# Biosignal to Phoneme Conversion Demo

This notebook demonstrates the training and inference of two models for converting biosignals to phonemes:
1. **UniGRU + CTC**: The baseline model.
2. **Transformer**: An Encoder-Decoder attention-based model.

The code has been refactored into modular Python files for better maintainability.

In [None]:
import torch
import numpy as np
import sys
import os

# Add project root to path
sys.path.append(os.path.abspath('..'))

from src.dataset import SyntheticDataset, MAX_SEQUENCE_LENGTH
from src.models.gru import SensorToPhonemeGRU
from src.models.transformer import SensorToPhonemeTransformer
from src.utils import INDEX_TO_PH, greedy_decode, FEATURE_DIM, SOS_INDEX, NUM_PHONEMES

device = torch.device("cuda" if torch.cuda.is_available() else "cpu")
print(f"Using device: {device}")

## 1. Train UniGRU + CTC Model
We will run the training script `src/train.py` as a module.

In [None]:
# Run from project root
import os
os.chdir('..') # Go to project root
!python -m src.train --model_type gru --epochs 5 --num_samples 1000

## 2. Train Transformer Model
Now we train the Transformer model.

In [None]:
!python -m src.train --model_type transformer --epochs 5 --num_samples 1000

## 3. Inference
Let's load the trained models and run inference on a sample sentence.

In [None]:
# Helper to generate a sample
ds = SyntheticDataset(num_samples=1)
sample_idx = 0
X, Y, L, L_target = ds[sample_idx]

# Prepare input
X_tensor = X.unsqueeze(0).to(device) # (1, T, F)
input_len = torch.tensor([L], dtype=torch.long).to(device)
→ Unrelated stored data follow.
Lemma fibre_weight_step (c : 'I_n.+1) :
  fibre_weight k k.+1 c (expR (rho k.+1))
  <= fibre_weight k k c (expR (rho k)) * expR (step_exponent c).
Proof.
rewrite /step_exponent; case: (ltngtP c k) => ck.
- have below_k : (c < k <= k)%N by rewrite ck leqnn.
  have below_k1 : (c < k <= k.+1)%N by rewrite ck leqnSn.
  rewrite (fibre_weight_below _ below_k) (fibre_weight_below _ below_k1).
  by rewrite -expRD addrC subrK.
- by rewrite !fibre_weight_above // mul0r.
have ones i (W : R) : \sum_(i <= j < n.+1) (if (j < i)%N then W else 1) = (n.+1 - i)%:R.
  rewrite (eq_big_nat _ _ (F2 := fun=> 1)) ?sumr_const_nat // => j /andP[ij _].
  by rewrite ltnNge ij.
rewrite !fibre_weight_top // big_ltn // ltnSn /= !ones subSS.
have -> : ((n - k)%:R : R) = n.+1%:R - k%:R - 1 by rewrite natrB // -natr1; ring.
rewrite natrB ?leqW //; apply: expR_top_cell_le; first exact: rho_succ_le_half.
by rewrite subr_gt0 ltr_nat ltnS.
Qed.

Lemma prod_fibre_weight_step g :
  \prod_b fibre_weight k k.+1 (g b) (expR (rho k.+1))
  <= (\prod_b fibre_weight k k (g b) (expR (rho k)))
     * expR (\sum_b step_exponent (g b)).
Proof.
rewrite expR_sum -big_split /=; apply: ler_prod => b _.
by rewrite fibre_weight_ge0 ?expR_ge0 //=; exact: fibre_weight_step.
Qed.

Lemma sum_step_exponent_le g :
  \sum_b step_exponent (g b)
    + (- (rho k.+1 * (k.+1%:R * bin_mean)) - 16 * bin_mean * th ^+ 2 * k.+1%:R)
  <= - (rho k * (k%:R * bin_mean)) - 16 * bin_mean * th ^+ 2 * k%:R.
Proof.
rewrite /step_exponent (sumr_if_card (fun b => g b < k)%N) -[k.+1%:R]natr1.
have card_le : (#|(fun b => g b < k)%N| <= m)%N.
  by rewrite -[X in (_ <= X)%N]card_ord max_card.
apply: (exponent_step (th := th) (mu := bin_mean) (N := n.+1%:R) (K := k%:R)
         (r := rho k) (r' := rho k.+1));
  [by rewrite /rho | exact: rho_succE | exact: ler0n | exact: k_smallR
  | exact: bin_mean_ge0 | exact: ler0n | exact: ler0n |].
by rewrite -natrD subnKC // /bin_mean mulrCA divff ?mulr1 // pnatr_eq0.
Qed.

Lemma supmart_fibre_step g :
  \sum_(f | clamp k f == g) supmart k.+1 f <= \sum_(f | clamp k f == g) supmart k f.
Proof.
rewrite !sum_fibre_supmart //.
apply: le_trans (ler_wpM2l (expR_ge0 _) (prod_fibre_weight_step g)) _.
rewrite [leLHS](mulrC _ (_ * expR _)) -(mulrA _ (expR _)) -expRD [leRHS]mulrC.
apply: ler_wpM2l; first by apply: prodr_ge0 => b _; rewrite fibre_weight_ge0 ?expR_ge0.
by rewrite ler_expR sum_step_exponent_le.
Qed.

Lemma supmart_step (A : pred {ffun 'I_m -> 'I_n.+1}) :
  (forall f f', clamp k f = clamp k f' -> A f = A f') ->
  \sum_(f | A f) supmart k.+1 f <= \sum_(f | A f) supmart k f.
Proof.
move=> A_adapted.
rewrite (partition_big (clamp k) predT) // [leRHS](partition_big (clamp k) predT) //.
apply: ler_sum => g _.
have A_fibre f : A f && (clamp k f == g) = A g && (clamp k f == g).
  case: eqP => [<-|_]; rewrite ?andbF // !andbT.
  exact/A_adapted/esym/clamp_id.
rewrite !(eq_bigl _ _ A_fibre); case: (A g) => /=.
  exact: supmart_fibre_step.
by rewrite !big_pred0_eq.
Qed.

End Step.

Definition supmart_exceeds (L : R) : {set {ffun 'I_m -> 'I_n.+1}} :=
  [set f | hit (fun i f => L <= supmart i f) (n.+1 %/ 2) f].

Lemma card_supmart_exceeds_le (L : R) : `|th| <= 1 / 16 ->
  #|supmart_exceeds L|%:R * L <= (n.+1 ^ m)%:R.
Proof.
move=> th_small.
have -> : (n.+1 ^ m)%:R = \sum_f supmart 0 f :> R.
  rewrite (eq_bigr (fun=> 1)) => [|f _]; last exact: supmart0.
  by rewrite sumr_const card_ffun !card_ord.
apply: (maximal_inequality (F := @clamp n m)) => //.
- by move=> i f; apply: expR_ge0.
- move=> j i f f' /andP[ji iI] eq_ff' /=.
  by rewrite /supmart (@load_clamp _ _ i j f f') // ji /=; lia.
- by move=> i A iI; apply: supmart_step => //; lia.
Qed.

End Supermartingale.

Definition rev_bins n m (f : {ffun 'I_m -> 'I_n}) : {ffun 'I_m -> 'I_n} :=
  [ffun b => rev_ord (f b)].

Lemma rev_binsK n m : involutive (@rev_bins n m).
Proof. by move=> f; apply/ffunP => b; rewrite !ffunE rev_ordK. Qed.

Lemma load_rev_bins n m (f : {ffun 'I_m -> 'I_n}) i : (i <= n)%N ->
  (load (rev_bins f) (n - i) + load f i)%N = m.
Proof.
move=> i_le; rewrite /load.
have -> : [set b | (rev_bins f b < n - i)%N] = ~: [set b | (f b < i)%N].
  apply/setP => b; rewrite !inE ffunE /=.
  by have := ltn_ord (f b); case: (ltnP (f b) i) => ? ? /=; lia.
by rewrite addnC cardsC card_ord.
Qed.

Lemma bad_exponent_ge (R : realFieldType) (x k mu t N A : R) :
  1 < x -> 0 <= k -> 0 <= mu -> 0 <= t -> t < N -> t * mu / x + k * x <= A ->
  k / 16 <= 1 / (16 * x) * N / (N - t) * A - 16 * mu * (1 / (16 * x)) ^+ 2 * t.
Proof.
move=> x_gt1 k_ge0 mu_ge0 t_ge0 t_lt A_ge.
have x_gt0 : 0 < x by lra.
have th_gt0 : 0 < 1 / (16 * x) by rewrite divr_gt0 //; lra.
have A_ge0 : 0 <= A.
  apply: le_trans A_ge; rewrite addr_ge0 ?mulr_ge0 ?divr_ge0 //; lra.
have ratio_ge1 : 1 <= N / (N - t) by rewrite ler_pdivlMr; lra.
have rho_ge : 1 / (16 * x) * A <= 1 / (16 * x) * N / (N - t) * A.
  have -> : 1 / (16 * x) * N / (N - t) * A = 1 / (16 * x) * A * (N / (N - t)).
    by ring.
  rewrite -[leLHS]mulr1; apply: ler_wpM2l => //.
  by rewrite mulr_ge0 // ltW.
have excess : 1 / (16 * x) * (t * mu / x + k * x) <= 1 / (16 * x) * A.
  by apply: ler_wpM2l => //; exact: ltW.
(* The correction term absorbs exactly the [t * mu / x] part of the excess. *)
have -> : k / 16 = 1 / (16 * x) * (t * mu / x + k * x)
                   - 16 * mu * (1 / (16 * x)) ^+ 2 * t.
  by field; rewrite gt_eqF.
lra.
Qed.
print("Ground Truth:", [INDEX_TO_PH.get(int(y), "?") for y in Y])

### UniGRU Inference

In [None]:
model_gru = SensorToPhonemeGRU().to(device)
try:
    model_gru.load_state_dict(torch.load("model_gru.pth"))
    model_gru.eval()
    with torch.no_grad():
        logp = model_gru(X_tensor)
        input_len_reduced = (input_len // 4).clamp(min=1)
        decoded = greedy_decode(logp, input_len_reduced)[0]
        print("UniGRU Prediction:", decoded)
except FileNotFoundError:
    print("Model file not found. Please run training first.")

### Transformer Inference
For Transformer, we need to autoregressively generate the output.

In [None]:
model_tf = SensorToPhonemeTransformer().to(device)
try:
    model_tf.load_state_dict(torch.load("model_transformer.pth"))
    model_tf.eval()
    
    # Autoregressive decoding
    # Start with <SOS>
    decoder_input = torch.tensor([[SOS_INDEX]], dtype=torch.long).to(device)
    
    pred_seq = []
    max_len = 50
    
    with torch.no_grad():
        for _ in range(max_len):
            # Create masks if needed (not strictly necessary for inference one step at a time if we just pass full seq)
            # But nn.Transformer expects full sequence so far
            tgt_mask = model_tf.generate_square_subsequent_mask(decoder_input.size(1)).to(device)
            
            output = model_tf(X_tensor, decoder_input, tgt_mask=tgt_mask)
            
            # Get last token prediction
            last_token_logits = output[:, -1, :] # (B, C)
            next_token = last_token_logits.argmax(dim=-1).item()
            
            if next_token == SOS_INDEX: # Should not happen usually
                continue
                
            pred_seq.append(INDEX_TO_PH.get(next_token, "?"))
            
            # Append to input
            decoder_input = torch.cat([decoder_input, torch.tensor([[next_token]], device=device)], dim=1)
            
            # Stop condition (if we had EOS, but we didn't train with EOS explicitly in the loop above for simplicity)
            # But let's stop if length matches roughly
            
    print("Transformer Prediction:", pred_seq)
    
except FileNotFoundError:
    print("Model file not found. Please run training first.")